Just as the real journalists are starting to take seriously allegations that money raised for one Tim Eyman initiative was improperly used to secretly buy signatures for another (a story we first broke), the evidence is growing stronger.

In a new affidavit (page 1, page 2) filed this afternoon as part of an ongoing Public Disclosure Commission complaint, signature gathering subcontractor Rick Walther details his dealings with Roy Ruffino and Eddie "Spaghetti" Agazarm of Citizen Solutions, LLC, the firm Eyman hires to collect signatures on all his initiatives. According to Walther, a contract signed by Ruffino stated that he would be paid $1.40 for each I-1185 signature. He would pay his crew a $1.00 per signature street price, with the remaining $0.40 going to him. But after the first couple weeks Eddie informed him that his crew would now be required to collect equal numbers of I-517 signatures, but with no further compensation.

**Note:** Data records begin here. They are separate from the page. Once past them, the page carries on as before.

Lemma birth_rcons x j : birth w (rcons x j) =
  if birth w x is Some a then (if tau j (w x) is Some b then Some (a + b)%N else None)
  else None.
Proof.
elim: x w => [|i x IH] v /=.
  by case: (tau j (v [::])) => // b; rewrite add0n addn0.
rewrite IH; case: (tau i (v [::])) => [a|] //.
by case: (birth _ x) => [b|] //; case: (tau j _) => [c|] //; rewrite addnA.
Qed.

Lemma born_by_nil n : born_by n w [::].
Proof. by exists 0%N. Qed.

Lemma born_by_rcons n x j : born_by n w (rcons x j) -> born_by n w x.
Proof.
move=> [s [+ sn]]; rewrite birth_rcons.
case hx: (birth w x) => [a|] //; case: (tau j _) => [b|] // [es].
by exists a; split => //; rewrite -es in sn; exact: leq_trans (leq_addr _ _) sn.
Qed.

Lemma born_by_take n x m : born_by n w x -> born_by n w (take m x).
Proof.
elim/last_ind: x => [|x j IH] hb //.
rewrite -cats1 take_cat; case: ifP => hm; first exact/IH/(born_by_rcons hb).
by case: (m - size x)%N => [|k] /=; rewrite ?cats0 ?take0 ?cats1 //; exact: born_by_rcons hb.
Qed.

End Birth.

Lemma tauP j l a : tau j l = Some a -> [/\ (0 < j)%N, (j <= size l)%N & a = nth 0%N l j.-1].
Proof. by rewrite /tau; case: ifP => // /andP[h1 h2] [<-]. Qed.

Lemma birth_ext (w w' : label -> life) y :
  (forall m, (m < size y)%N -> w (take m y) = w' (take m y)) -> birth w y = birth w' y.
Proof.
elim: y w w' => [|i y IH] w w' H //=.
rewrite (H 0%N) // (IH (fun z => w (i :: z)) (fun z => w' (i :: z))) //.
by move=> m hm; have /= := H m.+1 hm.
Qed.

(* By [stopped_agreeP], [w] and [w0] have the same stopped tree at level [n]. *)
Definition agree_on_born n (w0 w : label -> life) : Prop :=
  forall x, born_by n w0 x -> w x = w0 x.

Section Agree.
Variables (n : nat) (w0 w : label -> life).
Hypothesis agree : agree_on_born n w0 w.

Lemma birth_agree x : born_by n w0 x -> birth w x = birth w0 x.
Proof. by move=> hb; apply: birth_ext => m _; apply/agree/born_by_take. Qed.

Lemma birth_agree_rcons x i : born_by n w0 x -> birth w (rcons x i) = birth w0 (rcons x i).
Proof. by move=> hb; rewrite !birth_rcons agree // birth_agree. Qed.

Lemma born_by_agree x : born_by n w x <-> born_by n w0 x.
Proof.
elim/last_ind: x => [|x j IH]; first by split => _; apply: born_by_nil.
split=> hb.
  have hx : born_by n w0 x by apply/IH/(born_by_rcons hb).
  by rewrite /born_by -birth_agree_rcons.
by rewrite /born_by birth_agree_rcons //; apply: born_by_rcons hb.
Qed.

End Agree.

Lemma stopped_agreeP n (w0 w : label -> life) :
  stopped n w = stopped n w0 <-> agree_on_born n w0 w.
Proof.
have stoppedE v x : stopped n v x = if `[< born_by n v x >] then Some (v x) else None.
  rewrite /stopped; case: asboolP => [[s [-> ->]] //|nb].
  by case hs: (birth v x) => [s|] //; case: ifP => // sn; case: nb; exists s.
split=> [E x hb|H]; last first.
  apply/funext => x; rewrite !stoppedE (asbool_equiv_eq (born_by_agree H x)).
  by case: asboolP => // /H ->.
by move: (congr1 (@^~ x) E); rewrite !stoppedE (asboolT hb); case: asboolP => // _ [].
Qed.

Lemma stopped_event (T : Type) n (w0 : label -> life) (V : label -> T -> life) :
  [set om | stopped n (V ^~ om) = stopped n w0] = [set om | agree_on_born n w0 (V ^~ om)].
Proof. by apply/seteqP; split => om /stopped_agreeP. Qed.

Lemma nerman_agree {R : realType} (alpha : R) n (w0 w : label -> life) :
  agree_on_born n w0 w -> nerman alpha n w = nerman alpha n w0.
Proof.
move=> H; rewrite /nerman.
have -> : coming n w = coming n w0.
  apply/seteqP; split => y [x [i [-> [hb [s [hs hsn]]]]]].
    have hb0 := (born_by_agree H x).1 hb.
    by exists x, i; split => //; split => //; exists s; rewrite -(birth_agree_rcons H i hb0).
  exists x, i; split => //; split; first exact/(born_by_agree H).
  by exists s; rewrite (birth_agree_rcons H i hb).
by apply: eq_esum => y [x [i [-> [hb _]]]]; rewrite (birth_agree_rcons H i hb).
Qed.

Section Finiteness.
Variables (n : nat) (w : label -> life).

Fixpoint generation (k : nat) : seq label :=
  if k is k'.+1 then
    flatten [seq [seq rcons x j | j <- iota 1 (size (w x))] | x <- generation k']
  else [:: [::]].

Lemma born_by_generation x : born_by n w x -> x \in generation (size x).
Proof.
elim/last_ind: x => [|y j IH] hb; first by rewrite inE.
have /IH hy := born_by_rcons hb; case: hb => s [+ _]; rewrite birth_rcons.
case: (birth w y) => // b; case ht: (tau j (w y)) => [a|] // _.
have [j0 js _] := tauP ht.
rewrite size_rcons /=; apply/flattenP; exists [seq rcons y j' | j' <- iota 1 (size (w y))].
  by apply/mapP; exists y.
by apply/mapP; exists j => //; rewrite mem_iota j0 add1n ltnS.
Qed.

Hypothesis valid_born : forall x, born_by n w x -> valid_life (w x).

(* Bearing ages are positive, so a birth time bounds the generation. *)
Lemma size_le_birth x s : birth w x = Some s -> (s <= n)%N -> (size x <= s)%N.
Proof.
elim/last_ind: x s => [|y j IH] s //.
rewrite birth_rcons; case hy: (birth w y) => [b|] //; case ht: (tau j (w y)) => [a|] // [<-] hs.
have hb : born_by n w y by exists b; split => //; apply: leq_trans hs; rewrite leq_addr.
have [j0 js ->] := tauP ht.
have /andP[_ /allP pos] := valid_born hb.
rewrite size_rcons -addn1 leq_add ?(IH b) ?(leq_trans (leq_addr _ _) hs) ?pos //.
by apply: mem_nth; rewrite prednK.
Qed.

Lemma born_by_finite : exists2 D : seq label, uniq D & forall x, x \in D <-> born_by n w x.
Proof.
exists (undup [seq x <- flatten [seq generation k | k <- iota 0 n.+1] | `[< born_by n w x >]]).
  exact: undup_uniq.
move=> x; rewrite mem_undup mem_filter; split; first by move=> /andP[/asboolP].
move=> hb; rewrite asboolT // andTb; apply/flattenP; exists (generation (size x)).
  apply/mapP; exists (size x) => //; rewrite mem_iota add0n ltnS.
  by case: hb => s [hs sn]; exact: leq_trans (size_le_birth hs sn) sn.
exact: born_by_generation.
Qed.

End Finiteness.

Definition prefix_closed (D : seq label) : Prop := forall x m, x \in D -> take m x \in D.

Definition prefixes (x : label) : seq label := [seq take m x | m <- iota 0 (size x).+1].

Lemma mem_prefixes x z : (z \in prefixes x) = prefix z x.
Proof.
apply/mapP/idP => [[m _ ->]|]; first exact: prefix_take.
move=> zx; exists (size z); first by rewrite mem_iota ltnS size_prefix.
by move: zx; rewrite prefixE => /eqP ->.
Qed.

Lemma prefixes_uniq x : uniq (prefixes x).
Proof.
rewrite map_inj_in_uniq ?iota_uniq // => a b.
by rewrite !mem_iota /= !ltnS => ha hb /(congr1 size); rewrite !size_takel.
Qed.

Lemma prefixes_closed x : prefix_closed (prefixes x).
Proof. by move=> z m; rewrite !mem_prefixes; apply/prefix_trans/prefix_take. Qed.

Section Lineage.
Variable io : nat -> label.
Hypotheses (io0 : io 0%N = [::]) (ioS : forall k, exists j, io k.+1 = rcons (io k) j).

Lemma size_lineage k : size (io k) = k.
Proof. by elim: k => [|k IH]; rewrite ?io0 //; have [j ->] := ioS k; rewrite size_rcons IH. Qed.

Lemma lineage_take a b : (a <= b)%N -> io a = take a (io b).
Proof.
move=> /subnKC <-; elim: (b - a)%N => [|k IH].
  by rewrite addn0 -{2}(size_lineage a) take_size.
rewrite addnS; have [j ->] := ioS (a + k); by rewrite -cats1 takel_cat ?size_lineage ?leq_addr.
Qed.

Variable D : seq label.
Hypothesis D_closed : prefix_closed D.

Lemma lineage_mem x j m :
  x \in D -> io (size x).+1 = rcons x j -> (m <= size x)%N -> io m \in D.
Proof.
move=> xD ex hm; rewrite (@lineage_take m (size x).+1) ?(leqW hm) // ex.
by rewrite -cats1 takel_cat // D_closed.
Qed.

Lemma lineage_exit : [::] \in D ->
  exists x j, [/\ x \in D, rcons x j \notin D & io (size x).+1 = rcons x j].
Proof.
move=> rootD.
have exitD : exists k, io k \notin D.
  exists (\max_(x <- D) size x).+1; apply/negP => /(@leq_bigmax_seq _ D xpredT size _) /(_ isT).
  by rewrite size_lineage ltnn.
case: (ex_minnP exitD) => -[|m]; first by rewrite io0 rootD.
have [j ej] := ioS m; rewrite ej => exD min.
have mD : io m \in D by apply/negPn/negP => /min; rewrite ltnn.
by exists (io m), j; rewrite size_lineage ej.
Qed.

And that's when Walther gets to the heart of the allegations:

I asked Eddy "If you need equal numbers, why didn't you just start both petitions at 50¢ each?" His response was "If we keep I-517 in volunteer status, then we don't have to report income to the PDC, and we can stay under the radar."

A few days later I received a call from Eddy trying to coerce me into lowering the price to the petitioners on I-1185 from $1.00 per signature down to 75¢ per signature, and then the extra 25¢ was to pay for every I-517 signature that came in.

Walther says that Agazarm eventually terminated his contract for refusing to comply with his demands, a scenario corroborated by another signature gather, Miles Stanley, in a separate affidavit:

On May 5, 2012, I was fired for not bringing in any of the I-517 signatures. Then, Eddie told me, if I wanted to continue working, that I would have to turn into Rob Harwig (Peoples Petition LLC), because he agreed to reduce the pay to 75¢ a signature for I-1185 so there would be 25¢ left to pay for the I-517 signature.

I've yet to see an email or document in which Agazarm or Ruffino explicitly instruct contractors to pay for I-517, but three separate contractors have now signed affidavits claiming that they were verbally instructed to do exactly that. If this doesn't call for a full and thorough PDC investigation, nothing does.